Эмануэль Квис наклоняется вперед, вытягивает шею, вылезая из крылатки, как птица из крыльев. И его лицо, как зеркало, отражает каждое движение и дрожь физиономии Тершика. Тершик умолкает и с ужасом прислушивается к отзвукам крика, который он сдержал. Господи, если я так орал, мне конец. Ведь я не хотел ничего такого сделать. Или хотел, но кто на моем месте не разозлился бы тоже! Он смотрит на двери диспетчерской, ожидая появления на их бледно-желтом фоне силуэта дежурного.

Силуэт не появился, но Тершик все равно весь съежился и захныкал:

— Прошу прощения. Другой раз от работы так обалдеешь за день, что голова кругом. Одни заботы.

Квис быстро наклонился к нему и спросил с жадным любопытством:

— Скажите мне, какие?

И Тершик, не подумав, начал рассказывать с таким неожиданным доверием, словно этот человек мог уже завтра разрешить все его проблемы.

— Я ведь, пан Квис, не на постоянной. Хотелось бы получить путевую сторожку. Если вы пожалуетесь, мне крышка.

— Сторожку, — повторяет приезжий, — это которые возле путей? Ежедневно обходить свой участок, поднимать шлагбаум, иметь крышу над головой и твердое положение, быть почти что хозяином самому себе и не таскать в полночь чужие чемоданы так?

— Да, именно так, пан Квис.

— Но с чего начать? — бормочет Квис как бы про себя, а глаза его все так же впиваются в лицо Тершика.

— Есть здесь обходчик на двести шестнадцатом километре, — отвечает Тершик. Какой-то внутренний голос в нем кричит: «Что ты болтаешь, дурак!», но Тершик продолжает: — Дочь у него уродина. А сын выучился на инженера, работает в Праге в управлении.

— Это препятствие, — подхватывает Квис.

Тершик несколько раз сглатывает слюну, но тем не менее выкладывает последнее:

— У меня девушка в деревне. Картинка. Но с ней мне сторожки не получить, а у ней ни кола ни двора.

Лицо Квиса при этих словах опадает, лишенное напряжения и любопытства. Он наклоняется, опираясь на трость, и поднимает свой саквояж, которого Тершик до сих пор не заметил. Этот туго набитый матерчатый саквояж из клетчатого полотна больше похож на женскую сумку, чем на ручной чемодан.

Выпрямившись, Квис произносит:

— Примитив. Банально и совершенно неинтересно.

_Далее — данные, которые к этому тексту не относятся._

(* Let $v$ be a Llull matrix on a finite set $A$ with path scores $v^*$, and let $x,y,z\in A$ be pairwise distinct. If $v^*_{yz}>v^*_{xz}$, then $v^*_{xz}\ge v^*_{xy}$. If $v^*_{xy}>v^*_{xz}$, then $v^*_{xz}\ge v^*_{yz}$.
   Context: A Llull matrix on $A$ is a family of real numbers $v_{xy}\in[0,1]$, indexed by ordered pairs $(x,y)$ of distinct elements of $A$, with $v_{xy}+v_{yx}\le1$. The path scores are $v^*_{xy}=\max\min(v_{x_0x_1},\dots,v_{x_{m-1}x_m})$, the maximum over all paths $x_0x_1\dots x_m$ with $m\ge1$, $x_0=x$, $x_m=y$ and the $x_i$ pairwise distinct. *)

From mathcomp Require Import all_boot all_order all_algebra.
From mathcomp Require Import reals.
Set Implicit Arguments. Unset Strict Implicit. Unset Printing Implicit Defensive.
Import Order.TTheory GRing.Theory Num.Theory.
Local Open Scope ring_scope.

Definition llull_matrix (R : realType) (A : finType) (v : A -> A -> R) : Prop :=
  forall x y : A, x != y ->
    [/\ 0 <= v x y, v x y <= 1 & v x y + v y x <= 1].

(* min of v over consecutive pairs of the path x :: s (ending at last x s);
   default 1 is never reached for nonempty s since all values are <= 1. *)
Fixpoint path_min (R : realType) (A : finType) (v : A -> A -> R)
    (x : A) (s : seq A) : R :=
  match s with
  | [::] => 1
  | y :: s' => Num.min (v x y) (path_min v y s')
  end.

(* Intermediate vertices t form an
   n-tuple with n < #|A|; uniqueness of x :: t ++ [y] forces distinctness.
   The outer max starts from 0, which is harmless since all scores are >= 0
   and (for x != y) the direct path exists. *)
Definition path_score (R : realType) (A : finType) (v : A -> A -> R)
    (x y : A) : R :=
  \big[Num.max/0]_(n < #|A|)
    \big[Num.max/0]_(t : n.-tuple A | uniq (x :: rcons t y))
       path_min v x (rcons t y).

From mathcomp Require Import all_boot all_order all_algebra.
From mathcomp Require Import reals boolp.
Import Order.TTheory GRing.Theory Num.Theory.
Local Open Scope ring_scope.

(* The path scores satisfy the ultrametric-type inequality
   [min (v*_xy, v*_yz) <= v*_xz]: concatenating good paths x -> y and y -> z
   and cutting out the loops gives a simple path x -> z whose weakest link is
   no weaker.  Both claims follow at once. *)

Section PathScore.
Variables (R : realType) (A : finType) (v : A -> A -> R).

Lemma path_min_le1 x s : path_min v x s <= 1.
Proof. by elim: s x => [|y s IH] x //=; rewrite ge_min IH orbT. Qed.

Lemma path_min_cat x s1 s2 :
  path_min v x (s1 ++ s2) = Num.min (path_min v x s1) (path_min v (last x s1) s2).
Proof.
elim: s1 x => [|y s IH] x /=; last by rewrite IH minA.
by apply/esym/min_idPr; apply: path_min_le1.
Qed.

Lemma path_min_le_suffix x s1 y s2 :
  path_min v x (s1 ++ y :: s2) <= path_min v y s2.
Proof. by rewrite path_min_cat /= !ge_min lexx !orbT. Qed.

Lemma path_min_shorten x s : exists t,
  [/\ uniq (x :: t), last x t = last x s & path_min v x s <= path_min v x t].
Proof.
elim: s x => [|y s IH] x; first by exists [::].
have [t [ut lt pt]] := IH y.
have [->|nxy] := eqVneq x y; first by exists t; rewrite /= ge_min pt orbT.
case: (boolP (x \in t)) => [xt|xNt].
  move: ut lt pt; case/splitPr: xt => t1 t2 ut lt pt.
  exists t2; split.
  - by move: ut; rewrite [uniq (y :: _)]cons_uniq cat_uniq => /and4P[].
  - by rewrite /= -lt last_cat.
  - by rewrite /= ge_min (le_trans pt) ?path_min_le_suffix ?orbT.
exists (y :: t); split=> //=; last exact: le_min2.
by rewrite in_cons negb_or nxy xNt.
Qed.

Lemma path_score_ge0 x z : 0 <= path_score v x z.
Proof. exact: bigmax_ge_id. Qed.

Lemma path_min_le_score {x z t} : x != z -> uniq (x :: t) -> last x t = z ->
  path_min v x t <= path_score v x z.
Proof.
move=> xNz; case/lastP: t => [/= _ xz|t w]; first by rewrite xz eqxx in xNz.
rewrite last_rcons => ut <-.
have size_t : (size t < #|A|)%N.
  have : (size (x :: rcons t w) <= #|A|)%N.
    by rewrite cardE uniq_leq_size // => a; rewrite mem_enum.
  by rewrite /= size_rcons; apply: ltnW.
apply: (bigmax_sup (Ordinal size_t)) => //.
exact: (bigmax_sup (in_tuple t)).
Qed.

Lemma path_score_gt {x z c} : 0 <= c -> c < path_score v x z ->
  exists t, [/\ uniq (x :: t), last x t = z & c < path_min v x t].
Proof.
move=> c_ge0 /bigmax_gtP[|[n _ /bigmax_gtP[|[t ut lt]]]]; rewrite ?ltNge ?c_ge0 //.
by exists (rcons t z); rewrite last_rcons.
Qed.

Lemma path_score_min_le x y z : x != z ->
  Num.min (path_score v x y) (path_score v y z) <= path_score v x z.
Proof.
move=> xNz; rewrite leNgt lt_min; apply/negP => /andP[lt_xy lt_yz].
have [t1 [_ lt1 pt1]] := path_score_gt (path_score_ge0 x z) lt_xy.
have [t2 [_ lt2 pt2]] := path_score_gt (path_score_ge0 x z) lt_yz.
have [t [ut lt pt]] := path_min_shorten x (t1 ++ t2).
have := path_min_le_score xNz ut; rewrite lt last_cat lt1 lt2 => /(_ erefl).
apply/negP; rewrite -ltNge (lt_le_trans _ pt) // path_min_cat lt1 lt_min.
by rewrite pt1 pt2.
Qed.

End PathScore.

Theorem lemma2p6 (R : realType) (A : finType) (v : A -> A -> R)
  (hv : llull_matrix v) (x y z : A)
  (hxy : x != y) (hyz : y != z) (hxz : x != z) :
  (path_score v x z < path_score v y z -> path_score v x y <= path_score v x z) /\
  (path_score v x z < path_score v x y -> path_score v y z <= path_score v x z).
Proof.
have := @path_score_min_le R A v x y z hxz.
rewrite ge_min => /orP[le_xy|le_yz]; split=> // lt_xz.
- by have := lt_le_trans lt_xz le_xy; rewrite ltxx.
- by have := lt_le_trans lt_xz le_yz; rewrite ltxx.
Qed.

— Извините, я вас не понял… — бормочет Тершик растерянно и испуганно.

Но приезжий, не обращая внимания на волнение Тершика, поворачивается и уходит, не попрощавшись. Плащ, с одной стороны оттопыренный саквояжем, а с другой — согнутой рукой с тростью, раскачивается над светлыми штанинами, как черный колокол, а серая шляпа, высветленная луной и скрывающая всю голову, как бы плывет независимо от тела наподобие маленького воздушного шара.

— Доброй ночи, — кричит ему вслед Тершик, но приезжий — ни слова, только взмахнул тростью, и она блеснула возле шляпы.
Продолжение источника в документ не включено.